Монашек головой в ответ покачал — не глухой, стало быть.
— А чего тогда молчишь? — уже сердясь, хмуро и с угрозой вопросил Камыш. — Аль язык проглотил? Видал беглого холопа или не видал? Сказывай, пёс, не то кнута отведаешь!
Молчит монашек и, глаз не опуская, на тиуна глядит. Кажется, даже моргать перестал.
Ну, тут Камыш, понятно, осерчал. Он, вишь, привык, чтоб перед ним шапки ломали и ни в чём ему не перечили, а тут такая оказия — мальчонка, соплёй перешибить можно, глядит на него, как на дерево, и, чего у него спрашивают, не говорит. Ровно издевается, ей-богу!
А у него, у Камыша, слово с делом редко расходилось. Коли помянул кнут, так и знай — вот-вот змея сыромятная о трёх подвитых свинцом хвостах по чьей-то спине гулять начнёт. Дружинники, которые поближе, коней своих попятили, видя, как тиунова рука кнутовище тискает, — не ровён час, заденет на замахе-то, как раз с коня носом в пыль кувыркнёшься.
А монашек молчит — не то не понял, про что его спрашивают, не то сказывать не хочет. Да оно и понятно: кто таков Васька Камыш, ему, убогому, неведомо, а лиха от своих, православных людей он сроду не видывал и ждать его не привык. Думал небось, постращает его тиун да и отпустит.
Не на таковского напал. Размахнулся Камыш, свистнул кнут в воздухе и по пыльной монашьей одёжке хлопнул. И хлопнул-то негромко, да Илие-отроку и того хватило. Много ль ему, слабосильному, надобно? Да ещё, видать, попало, как говорится, по голому — упал монашек с одного удара и, не охнув даже, дух испустил.

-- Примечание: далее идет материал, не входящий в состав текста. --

(* Let $V$ be a Majorana representation with identity $\mathbb 1$ satisfying axiom M2'. Suppose that for every idempotent $x\in V$ the space $V_0^{(x)}$ contains finitely many idempotents and $d(x)\le 2$, where $d(x)=\dim V_0^{(x)}$. Then every associative subalgebra of $V$ has dimension at most $3$.
   Context: A transposition group $(G,T)$ is a finite group $G$ with a $G$-stable set $T$ of involutions generating $G$. A Majorana representation of $(G,T)$ is a quintuple $(G,T,V,\varphi,\psi)$ where $V$ is a commutative non-associative real algebra with a (positive definite) inner product $(\,,)$, $\varphi:G\to GL(V)$ is a representation with $\varphi(G)\le \mathrm{Aut}(V)$, and $\psi:T\to V\setminus\{0\}$ is injective with $\psi(t^g)=\psi(t)^{\varphi(g)}$, such that: (M1) $(u,v\cdot w)=(u\cdot v,w)$ for all $u,v,w$; (M2) $(u\cdot u,v\cdot v)\ge (u\cdot v,u\cdot v)$ for all $u,v$; (M3) elements of $\psi(T)$ (Majorana axes) are idempotents of length $1$; (M4) each Majorana axis $a$ has $\mathrm{ad}_a:u\mapsto a\cdot u$ diagonalizable with eigenvalues in $\{0,1,\frac1{4},\frac1{32}\}$; (M5) $1$ is a simple eigenvalue of each Majorana axis; (M6) for each axis $a$ the linear map $\tau(a)$ acting as $(-1)^{32\mu}$ on the $\mu$-eigenspace of $\mathrm{ad}_a$ is an algebra automorphism; (M7) for each axis $a$ the map $\sigma(a)$ on $C_V(\tau(a))$ acting as $(-1)^{4\mu}$ on the $\mu$-eigenspaces, $\mu\ne\frac1{32}$, preserves the product of $C_V(\tau(a))$; (M8) $\tau(\psi(t))=\varphi(t)$ for all $t\in T$. Axiom M2': the Norton inequality holds for all $u,v$, with equality precisely when $\mathrm{ad}_u$ and $\mathrm{ad}_v$ commute. $V_0^{(x)}$ is the $0$-eigenspace of $\mathrm{ad}_x:u\mapsto x\cdot u$. *)

From HB Require Import structures.
From mathcomp Require Import all_boot all_order all_algebra all_fingroup.
From mathcomp Require Import reals.
Set Implicit Arguments. Unset Strict Implicit. Unset Printing Implicit Defensive.
Import GRing.Theory Num.Theory.

Local Open Scope ring_scope.

Section Majorana.
Variable R : realType.
Variable V : vectType R.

Может, конечно, и случайность. Не повезло человеку, что тут скажешь? А может, дело своё на этой грешной земле сделав, был он молодым на небо призван — нарочно, чтоб зря промеж людей не мыкался. Истинно благая доля — знать, зачем ты в сей мир послан, и, назначение своё осуществив, со спокойной душой, без мук в мир иной отойти!
Тут, грешным делом, даже Ваське Камышу не по себе сделалось, не говоря уже о дружинниках, которые с ним были. Холопа насмерть забить — дело нехитрое, обыкновенное, хотя даже такое простое дело может боярину не понравиться: как-никак, а холоп — его, боярина, наследственное имущество, и портить его почём зря никому не дозволено. Но тут всегда найдётся, чем хозяйский гнев утишить: и убыток копеечный, и перед барином оправдаться, смерда убитого облыжно оговорив, не больно хитро.
Но тут ведь не холоп предерзкий помер, а монах! Хоть и отрок, хоть и видно с первого взгляда, что с головой у него непорядок, а всё ж, как ни крути, Божий человек. То-то, что Божий. Не боярский, стало быть. И ответ за него держать придётся не перед Гаврилой Алексеевичем, а сами понимаете, перед кем. А небесный-то судия, поди, пострашнее здешнего, земного!
Оробели дружинники, и Васька Камыш оробел. Да только куда податься, когда дело уж сделано? Велел тиун своим людям спешиться, монашка мёртвого в лес оттащить да и завалить валежником в какой-никакой промоине — пусть себе лежит, раз так вышло. И строго-настрого всем наказал про это лихое дело молчать, яко камни придорожные. «А ежели кто хоть словечко обронит, — сказал, — того я своей рукой вослед за сим татем отправлю».